- [INSTRUCTIONS TO FOLLOW]:
Each line in the records that mentions the word "expnD" needs to be listed.

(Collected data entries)
──────────────────────────────
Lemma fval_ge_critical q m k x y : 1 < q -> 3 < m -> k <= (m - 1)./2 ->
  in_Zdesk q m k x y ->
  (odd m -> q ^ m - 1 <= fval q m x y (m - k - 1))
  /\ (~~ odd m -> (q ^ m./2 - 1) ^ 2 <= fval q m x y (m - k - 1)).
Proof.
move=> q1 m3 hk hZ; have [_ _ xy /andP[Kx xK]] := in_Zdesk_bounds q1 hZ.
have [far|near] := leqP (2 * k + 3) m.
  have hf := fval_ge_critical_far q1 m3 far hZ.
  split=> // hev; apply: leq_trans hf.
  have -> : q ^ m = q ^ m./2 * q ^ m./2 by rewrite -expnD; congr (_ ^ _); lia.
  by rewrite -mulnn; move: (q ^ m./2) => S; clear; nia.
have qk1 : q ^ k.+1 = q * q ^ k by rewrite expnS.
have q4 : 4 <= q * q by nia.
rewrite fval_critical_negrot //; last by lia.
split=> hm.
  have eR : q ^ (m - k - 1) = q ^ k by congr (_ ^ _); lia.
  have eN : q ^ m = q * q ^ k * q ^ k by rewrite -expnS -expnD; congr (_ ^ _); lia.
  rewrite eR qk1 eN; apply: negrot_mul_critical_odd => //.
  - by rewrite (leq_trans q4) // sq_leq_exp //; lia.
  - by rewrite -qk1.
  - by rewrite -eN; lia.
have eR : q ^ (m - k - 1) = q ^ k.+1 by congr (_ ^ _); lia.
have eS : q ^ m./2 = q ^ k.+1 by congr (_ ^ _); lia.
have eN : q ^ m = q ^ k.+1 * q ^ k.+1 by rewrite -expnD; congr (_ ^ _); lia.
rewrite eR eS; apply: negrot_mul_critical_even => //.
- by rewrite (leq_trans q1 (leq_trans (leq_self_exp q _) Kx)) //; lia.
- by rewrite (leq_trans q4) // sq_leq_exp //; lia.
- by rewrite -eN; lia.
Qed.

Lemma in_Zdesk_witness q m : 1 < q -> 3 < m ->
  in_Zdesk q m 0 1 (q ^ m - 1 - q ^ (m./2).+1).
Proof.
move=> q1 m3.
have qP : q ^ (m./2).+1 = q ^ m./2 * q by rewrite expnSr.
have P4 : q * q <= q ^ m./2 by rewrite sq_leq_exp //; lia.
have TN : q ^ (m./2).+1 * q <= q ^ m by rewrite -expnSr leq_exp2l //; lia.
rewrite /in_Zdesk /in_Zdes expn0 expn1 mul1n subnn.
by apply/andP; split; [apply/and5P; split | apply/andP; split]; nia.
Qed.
──────────────────────────────
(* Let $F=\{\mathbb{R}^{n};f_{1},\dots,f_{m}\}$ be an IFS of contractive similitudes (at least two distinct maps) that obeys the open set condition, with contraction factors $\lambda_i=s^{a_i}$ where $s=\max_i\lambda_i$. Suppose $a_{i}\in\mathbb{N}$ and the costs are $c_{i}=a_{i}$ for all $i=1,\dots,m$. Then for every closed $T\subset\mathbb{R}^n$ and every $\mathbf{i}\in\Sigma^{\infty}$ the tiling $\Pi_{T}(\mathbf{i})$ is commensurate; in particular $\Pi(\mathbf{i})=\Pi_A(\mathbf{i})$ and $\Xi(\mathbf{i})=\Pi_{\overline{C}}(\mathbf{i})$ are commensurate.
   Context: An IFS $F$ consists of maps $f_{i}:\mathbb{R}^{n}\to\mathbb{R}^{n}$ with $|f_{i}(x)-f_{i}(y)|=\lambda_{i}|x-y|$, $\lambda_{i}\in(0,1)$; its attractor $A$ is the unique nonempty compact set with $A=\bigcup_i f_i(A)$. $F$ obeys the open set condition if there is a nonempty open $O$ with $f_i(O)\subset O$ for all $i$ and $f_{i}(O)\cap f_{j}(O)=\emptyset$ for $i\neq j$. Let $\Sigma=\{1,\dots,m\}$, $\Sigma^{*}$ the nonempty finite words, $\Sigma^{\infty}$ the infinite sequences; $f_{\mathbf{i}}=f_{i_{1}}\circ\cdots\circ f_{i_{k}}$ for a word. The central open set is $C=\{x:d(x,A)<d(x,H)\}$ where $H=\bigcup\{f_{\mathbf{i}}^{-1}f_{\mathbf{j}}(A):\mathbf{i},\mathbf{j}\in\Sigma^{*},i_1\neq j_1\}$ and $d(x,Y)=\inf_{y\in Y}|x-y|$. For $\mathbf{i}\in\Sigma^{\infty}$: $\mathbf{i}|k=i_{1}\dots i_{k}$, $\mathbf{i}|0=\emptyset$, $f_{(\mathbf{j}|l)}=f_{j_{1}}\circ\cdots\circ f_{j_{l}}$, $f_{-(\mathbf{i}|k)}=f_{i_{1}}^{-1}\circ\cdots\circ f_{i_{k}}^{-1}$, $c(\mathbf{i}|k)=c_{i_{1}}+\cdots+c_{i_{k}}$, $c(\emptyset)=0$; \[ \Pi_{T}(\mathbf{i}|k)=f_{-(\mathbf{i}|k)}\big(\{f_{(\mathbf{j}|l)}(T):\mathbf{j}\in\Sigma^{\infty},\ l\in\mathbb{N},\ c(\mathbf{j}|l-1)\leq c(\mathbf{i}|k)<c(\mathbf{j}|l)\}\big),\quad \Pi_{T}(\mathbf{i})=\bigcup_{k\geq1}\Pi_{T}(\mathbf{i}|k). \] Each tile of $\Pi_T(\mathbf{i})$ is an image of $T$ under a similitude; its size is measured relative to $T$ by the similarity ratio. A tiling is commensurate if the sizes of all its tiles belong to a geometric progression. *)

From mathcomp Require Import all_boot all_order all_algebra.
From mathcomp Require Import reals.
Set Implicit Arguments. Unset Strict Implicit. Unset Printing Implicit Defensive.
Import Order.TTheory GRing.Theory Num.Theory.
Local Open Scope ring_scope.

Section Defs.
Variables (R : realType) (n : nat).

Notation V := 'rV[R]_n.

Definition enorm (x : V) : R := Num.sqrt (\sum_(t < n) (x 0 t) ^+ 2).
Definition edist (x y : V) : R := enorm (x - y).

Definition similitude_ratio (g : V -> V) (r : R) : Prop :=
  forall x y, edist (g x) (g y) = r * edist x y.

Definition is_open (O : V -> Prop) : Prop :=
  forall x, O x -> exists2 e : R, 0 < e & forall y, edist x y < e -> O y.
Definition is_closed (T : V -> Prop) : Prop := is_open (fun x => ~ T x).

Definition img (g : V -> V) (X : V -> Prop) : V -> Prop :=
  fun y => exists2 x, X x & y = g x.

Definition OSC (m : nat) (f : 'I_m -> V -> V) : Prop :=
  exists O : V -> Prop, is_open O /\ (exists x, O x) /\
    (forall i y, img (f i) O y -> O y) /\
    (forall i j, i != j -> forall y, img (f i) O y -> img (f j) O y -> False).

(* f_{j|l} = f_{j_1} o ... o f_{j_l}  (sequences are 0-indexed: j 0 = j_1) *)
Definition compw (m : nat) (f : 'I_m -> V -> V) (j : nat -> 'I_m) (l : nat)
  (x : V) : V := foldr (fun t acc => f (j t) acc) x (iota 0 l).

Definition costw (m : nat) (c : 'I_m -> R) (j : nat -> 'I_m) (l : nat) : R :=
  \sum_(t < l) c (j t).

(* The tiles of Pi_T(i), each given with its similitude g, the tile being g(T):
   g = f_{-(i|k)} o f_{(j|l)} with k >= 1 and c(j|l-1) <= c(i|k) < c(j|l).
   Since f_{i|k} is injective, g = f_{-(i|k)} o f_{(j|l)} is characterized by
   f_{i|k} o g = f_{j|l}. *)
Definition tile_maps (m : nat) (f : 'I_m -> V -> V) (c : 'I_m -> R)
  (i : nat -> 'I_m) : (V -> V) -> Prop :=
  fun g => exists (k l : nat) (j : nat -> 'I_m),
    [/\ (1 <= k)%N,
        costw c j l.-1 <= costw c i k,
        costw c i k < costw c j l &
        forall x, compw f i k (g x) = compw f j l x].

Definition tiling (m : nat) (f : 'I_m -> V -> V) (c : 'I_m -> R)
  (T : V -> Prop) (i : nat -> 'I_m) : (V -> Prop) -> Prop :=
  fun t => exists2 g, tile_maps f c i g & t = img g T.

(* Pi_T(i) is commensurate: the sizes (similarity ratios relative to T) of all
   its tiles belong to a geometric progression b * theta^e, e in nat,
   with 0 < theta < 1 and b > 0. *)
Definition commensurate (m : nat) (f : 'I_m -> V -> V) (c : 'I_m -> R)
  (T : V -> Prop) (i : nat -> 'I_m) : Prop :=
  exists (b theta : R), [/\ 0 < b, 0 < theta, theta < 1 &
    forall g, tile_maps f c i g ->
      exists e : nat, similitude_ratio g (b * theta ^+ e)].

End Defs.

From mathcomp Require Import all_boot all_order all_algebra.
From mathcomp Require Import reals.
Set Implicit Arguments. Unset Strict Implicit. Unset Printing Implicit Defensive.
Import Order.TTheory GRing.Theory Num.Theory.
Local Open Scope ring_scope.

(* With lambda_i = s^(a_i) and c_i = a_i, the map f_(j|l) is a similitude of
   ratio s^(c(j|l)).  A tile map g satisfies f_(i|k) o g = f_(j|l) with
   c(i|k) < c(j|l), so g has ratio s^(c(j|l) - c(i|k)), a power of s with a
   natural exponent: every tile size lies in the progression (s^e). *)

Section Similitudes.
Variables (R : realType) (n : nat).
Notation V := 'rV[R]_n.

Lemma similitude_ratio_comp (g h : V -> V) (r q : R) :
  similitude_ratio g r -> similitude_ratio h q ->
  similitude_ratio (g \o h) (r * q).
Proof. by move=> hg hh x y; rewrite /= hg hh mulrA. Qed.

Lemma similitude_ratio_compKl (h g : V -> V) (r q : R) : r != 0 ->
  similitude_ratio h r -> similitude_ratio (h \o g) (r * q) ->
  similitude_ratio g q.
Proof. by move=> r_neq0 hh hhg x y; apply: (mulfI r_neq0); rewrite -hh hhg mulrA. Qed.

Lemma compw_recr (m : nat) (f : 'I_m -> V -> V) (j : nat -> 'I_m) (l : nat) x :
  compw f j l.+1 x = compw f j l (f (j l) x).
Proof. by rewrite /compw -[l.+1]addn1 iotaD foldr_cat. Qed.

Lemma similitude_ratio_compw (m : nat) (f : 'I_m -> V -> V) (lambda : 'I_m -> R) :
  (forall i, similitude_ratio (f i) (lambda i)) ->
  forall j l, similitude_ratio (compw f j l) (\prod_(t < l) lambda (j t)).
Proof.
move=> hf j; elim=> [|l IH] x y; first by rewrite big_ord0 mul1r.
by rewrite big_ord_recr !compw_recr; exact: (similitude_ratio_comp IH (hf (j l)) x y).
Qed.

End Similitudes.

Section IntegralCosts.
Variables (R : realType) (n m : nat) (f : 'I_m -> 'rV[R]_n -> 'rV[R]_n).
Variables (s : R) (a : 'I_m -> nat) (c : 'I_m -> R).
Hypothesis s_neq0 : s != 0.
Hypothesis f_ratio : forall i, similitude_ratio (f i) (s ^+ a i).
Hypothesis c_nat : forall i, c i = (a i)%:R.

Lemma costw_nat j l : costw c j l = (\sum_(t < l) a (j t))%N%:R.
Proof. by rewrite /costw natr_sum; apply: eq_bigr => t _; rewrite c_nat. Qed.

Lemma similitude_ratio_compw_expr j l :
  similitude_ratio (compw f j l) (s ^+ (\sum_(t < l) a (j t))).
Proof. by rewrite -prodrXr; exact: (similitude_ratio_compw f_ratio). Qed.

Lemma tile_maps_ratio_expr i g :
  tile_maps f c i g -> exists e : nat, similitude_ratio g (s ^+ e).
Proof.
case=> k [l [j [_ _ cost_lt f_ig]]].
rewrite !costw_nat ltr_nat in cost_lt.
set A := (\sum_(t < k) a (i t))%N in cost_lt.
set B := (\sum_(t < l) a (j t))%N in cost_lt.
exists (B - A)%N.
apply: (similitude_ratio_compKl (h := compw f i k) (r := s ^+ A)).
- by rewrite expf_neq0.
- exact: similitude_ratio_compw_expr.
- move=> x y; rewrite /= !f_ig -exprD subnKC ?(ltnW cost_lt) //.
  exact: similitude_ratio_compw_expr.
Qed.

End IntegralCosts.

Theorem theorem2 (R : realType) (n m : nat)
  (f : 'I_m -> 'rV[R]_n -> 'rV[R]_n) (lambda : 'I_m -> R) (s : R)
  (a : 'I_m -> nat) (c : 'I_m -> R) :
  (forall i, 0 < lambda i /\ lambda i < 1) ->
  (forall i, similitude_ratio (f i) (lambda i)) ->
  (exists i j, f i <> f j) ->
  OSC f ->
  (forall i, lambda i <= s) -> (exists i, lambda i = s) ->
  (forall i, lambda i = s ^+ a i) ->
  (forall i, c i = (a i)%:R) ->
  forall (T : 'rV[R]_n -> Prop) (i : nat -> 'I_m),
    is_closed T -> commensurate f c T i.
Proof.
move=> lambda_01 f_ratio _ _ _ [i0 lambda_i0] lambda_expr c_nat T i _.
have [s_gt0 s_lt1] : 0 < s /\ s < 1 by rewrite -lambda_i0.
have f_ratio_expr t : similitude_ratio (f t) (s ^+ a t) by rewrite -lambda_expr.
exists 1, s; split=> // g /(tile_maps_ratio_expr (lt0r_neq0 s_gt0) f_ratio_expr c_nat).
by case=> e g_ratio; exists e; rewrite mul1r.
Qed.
──────────────────────────────
- [OUTPUT FOR THIS EXERCISE]:
  have -> : q ^ m = q ^ m./2 * q ^ m./2 by rewrite -expnD; congr (_ ^ _); lia.
  have eN : q ^ m = q * q ^ k * q ^ k by rewrite -expnS -expnD; congr (_ ^ _); lia.
have eN : q ^ m = q ^ k.+1 * q ^ k.+1 by rewrite -expnD; congr (_ ^ _); lia.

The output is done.